Partikel bermuatan untuk respon dari proton dan deutron dari sintilator merupakan perbandingan
dari energi partikel, untuk E > 1 Mev. Untuk partikel alpha perbandingan dimulai pada 15 Mev

Neutron

Neutron dideteksi secara langsung dengan partikel bermuatan yang dihasilkan dari reaksi nuklir.
Tanggapan dari neutron teradapat pada respon photon dan alpha.

b. Sintilator Organik

Sintilator organik dapat berupa kristal seperti antharacene dan transtilecene. Sintilator organik cair
seperti toluene dan hexametylbenzene yang berguna jika suatu detektor dengan ukuran yang sangat
besar diperlukan dalam usaha menaikkan efisiensi deteksi, khususnya dalam pengukuran aktivasi
sangat rendah (H3 dan Cl4), pengukuran sinar kormis dan sebagainya.
Mekanisme dari proses sintilator organik

Proses kelipatan cahaya merupakan proses transisi molekul bahan sintilator. Perbedaan yang paling
dasar dengan sintilator inorganik adalah waktu tanggapnya jauh lebih kecil yaitu kurang dari 10 ns (1
ms untuk sintilator inorganik).

Gambar di bawah ini menunjukkan bahwa energi molekul sebagai fungsi jarak antar atom. Keadaan
dasar molekul tercapai jika berada di titik A0 dengan energi potensial minimum. Interaksi dengan
radiasi pengionan menyebabkan molekul melakukan transisi ke arah tereksitasi A1. Molekul akan
melepas energi kisinya melalui vibrasi kisi untuk mencapai keadaan B1. Kemudian molekul
melakukan transisi kebawah (B0) dengan melepas energinya dalam bentuk pancaran proton cahaya
bernergi (EB1-EB0) lebih kecil dari eneri eksitasinya (EA1-EA0).

Respon sintilator organik

Respon sintilator organik sangat bergantung pada alpha dan proton, seperti respon dari sintilasi
plastik dan cair ke elektron.

c. Sintilator Gas

Sintilator ini merupakan campuran gas mulia. Cahaya kelipatan yang dihasilkan merupakan akibat
transisi atom. Karena cahaya yang digunakan oleh gas mulia berada di daerah ultra ungu maka gas
lain seperti nitrogen perlu ditambahkan sebagai penggeser panjang gelombang.

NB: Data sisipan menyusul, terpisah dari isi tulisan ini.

(* Let $X$ be a Hausdorff, locally compact, arc connected space with at least two points, let $a\in X$, let $\mathcal I$ be an ideal on $X$, and let $\alpha$ be an infinite cardinal. Then $$\mathfrak P^\alpha_{\mathcal I}(X,a)=\{[f]: f:[0,1]\to X \text{ is an } \alpha\tfrac{\mathcal I}{}\text{loop with base point } a\},$$ i.e. the set of homotopy classes of $\alpha\frac{\mathcal I}{}$loops at $a$ is already a subgroup of $\pi_1(X,a)$.
   Context: A space is arc connected if any two distinct points $p,q$ are joined by a continuous injective map $h:[0,1]\to X$ with $h(0)=p$, $h(1)=q$. An ideal on a set $X$ is a nonempty family $\mathcal I$ of subsets of $X$ closed under finite unions and under taking subsets. For a nonzero cardinal $\alpha$ and an ideal $\mathcal I$ on $X$, a continuous map $f:Z\to X$ is an $\alpha\frac{\mathcal I}{}$map if there is $A\in\mathcal I$ such that for every $x\in X\setminus A$ one has $|f^{-1}(x)|\le\alpha$ when $\alpha$ is finite, and $|f^{-1}(x)|<\alpha$ when $\alpha$ is infinite. An $\alpha\frac{\mathcal I}{}$loop with base point $a$ is an $\alpha\frac{\mathcal I}{}$map $f:[0,1]\to X$ with $f(0)=f(1)=a$. $[f]$ denotes the homotopy class (rel endpoints) of a loop $f$, and $\mathfrak P^\alpha_{\mathcal I}(X,a)$ denotes the subgroup of $\pi_1(X,a)$ generated by the classes of all $\alpha\frac{\mathcal I}{}$loops with base point $a$. *)

From Stdlib Require Import Reals Lra List Classical.
Open Scope R_scope.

Sintilator gas memiliki beberapa sifat, antara lain :

Waktu peluruhan yang sangat pendek

Cahaya kelipatan yang dihasilkan tiap satuan energi radiasi pengion tidak tergantung pada muatan
dan massa partikel pengion tersebut.

efsisensi untuk sinar gamma sangat rendah.

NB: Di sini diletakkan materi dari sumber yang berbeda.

(* Assume $a>2b$. For every self-intersected 6-periodic of type I in the elliptic billiard, the angles $\theta_i'$ between consecutive sides of its outer polygon satisfy $$\sum_{i=1}^6\cos(2\theta_i')=-\frac{2(a^2-4ab+b^2)}{(a-b)^2}=JL-6.$$
   Context: The elliptic billiard is $\mathcal{E}: x^2/a^2+y^2/b^2=1$, $a>b>0$, $c=\sqrt{a^2-b^2}$. An $N$-periodic is a closed billiard trajectory $P_1\dots P_N$ on $\mathcal{E}$ (at each vertex the normal to $\mathcal{E}$ bisects the angle between the incident segments); all segments are tangent to a fixed confocal conic (the caustic), and all closed trajectories tangent to a given caustic form a one-parameter family. Type I self-intersected 6-periodics (existing for $a>2b$) are the 6-periodics tangent to the confocal hyperbola $x^2/a''^2-y^2/b''^2=1$ with $a''=\frac{a^{3/2}\sqrt{a-2b}}{a-b}$, $b''=\frac{b^{3/2}\sqrt{2a-b}}{a-b}$; one member is $P_1=(0,b)$, $P_2=(k_x,k_y)$, $P_3=(k_x,-k_y)$, $P_4=(0,-b)$, $P_5=-P_2$, $P_6=-P_3$ with $k_x=\frac{a\sqrt{a(a-2b)}}{b-a}$, $k_y=\frac{b^2}{b-a}$. The outer polygon has vertices $P_i'$ = intersection of the tangent lines to $\mathcal{E}$ at $P_i$ and $P_{i+1}$; $\theta_i'$ is the angle at $P_i'$ between these two lines (the value of $\cos 2\theta_i'$ does not depend on which of the supplementary angles is chosen). $L=\frac{4(a^2-ab+b^2)}{a-b}$ is the common perimeter and $J=\frac12\nabla f(P_i)\cdot\hat v>0$ is Joachimsthal's constant ($f=x^2/a^2+y^2/b^2$), here $J=1/(a-b)$. *)

From Stdlib Require Import Reals Lra Lia.
Open Scope R_scope.

Definition pt := (R * R)%type.

Definition dot (u v : pt) : R := fst u * fst v + snd u * snd v.
Definition cross (u v : pt) : R := fst u * snd v - snd u * fst v.
Definition vsub (u v : pt) : pt := (fst u - fst v, snd u - snd v).
Definition vnorm (u : pt) : R := sqrt (dot u u).

Definition on_ellipse (a b : R) (p : pt) : Prop :=
  (fst p)^2 / a^2 + (snd p)^2 / b^2 = 1.

Definition grad_f (a b : R) (p : pt) : pt := (2 * fst p / a^2, 2 * snd p / b^2).

Definition ell_tangent (a b : R) (p : pt) : pt := (- snd p / b^2, fst p / a^2).

Definition vtx (P : nat -> pt) (i : nat) : pt := P (i mod 6)%nat.

(* Billiard reflection at vertex i: the normal to the ellipse bisects the angle
   between the incident segments, i.e. the sum of the unit vectors from P_i
   towards P_{i-1} and towards P_{i+1} is parallel to the normal. *)
Definition reflects (a b : R) (P : nat -> pt) (i : nat) : Prop :=
  let p := vtx P i in
  let u := vsub (vtx P (i + 5)) p in
  let w := vsub (vtx P (i + 1)) p in
  cross (fst u / vnorm u + fst w / vnorm w, snd u / vnorm u + snd w / vnorm w)
        (grad_f a b p) = 0.

(* the line through p q (p <> q) is tangent to the hyperbola
   x^2/A^2 - y^2/B^2 = 1: it touches the hyperbola at some point X, with
   direction q - p orthogonal to the hyperbola's normal at X *)
Definition tangent_to_hyperbola (A B : R) (p q : pt) : Prop :=
  exists X : pt,
    (fst X)^2 / A^2 - (snd X)^2 / B^2 = 1 /\
    cross (vsub q p) (vsub X p) = 0 /\
    dot (vsub q p) (fst X / A^2, - snd X / B^2) = 0.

4. Counter sintilator ini mememiliki beberapa keuntungan yaitu:

a. Karena berisi zat padat yang sensitif sehingga efisien untuk mendeteksi sinar gamma atau
sinar x yang sangat tinggi jika dibandingkan dengan counter geiger yang memiliki efisiensi 1
%.
b. Tetapan waktu bervariasi dari 10-6 detik untuk kristal inorganik dan 10-9 detik untuk kristal
organik.
c. Ketinggian dari pulsa keluaran bisa dibuat sebanding dengan energi dari sinar gamma.
d. Mempunyai kerapatan lebih tinggi dan volume kepekaannya lebih besar, sehingga partikel
berenergi tinggi dapat dihentikan dan energinya dapat diukur .

5. Aplikasi Penggunaan Detektor Sintilasi.

1. Pengukuran standarisasi radioisotop Fe-59

Dengan menggunakan detektor sintilasi didapatkan bahwa pengukuran kadar Fe-59 lebih akurat
0.7% daripada menggunakan metode spektrometri gamma.

2. Penentuan keradioaktifan dan total secara cepat dan akurat dalam pemantauan lingkungan

KESIMPULAN

Sentilator (pengelip) atau fasor adalah suatu zat tertentu akan berkedip jika terkena radiasi ionisasi.
Keguanaan dari sintilator ini anatara lain pita zat organik, larutan zat organik dan gas mulia. Sintilator
yang baik untuk partikel alpha digunakan sulfida seng yang diaktifkan dengan perak. Sintilator untuk
sinar gamma menggunakan Natrium Iolida yang diaktifkan dengan Talium, sedangkan untuk sinar
betha lebih banyak digunakan sentilator organik, misalnya kristal antrasen.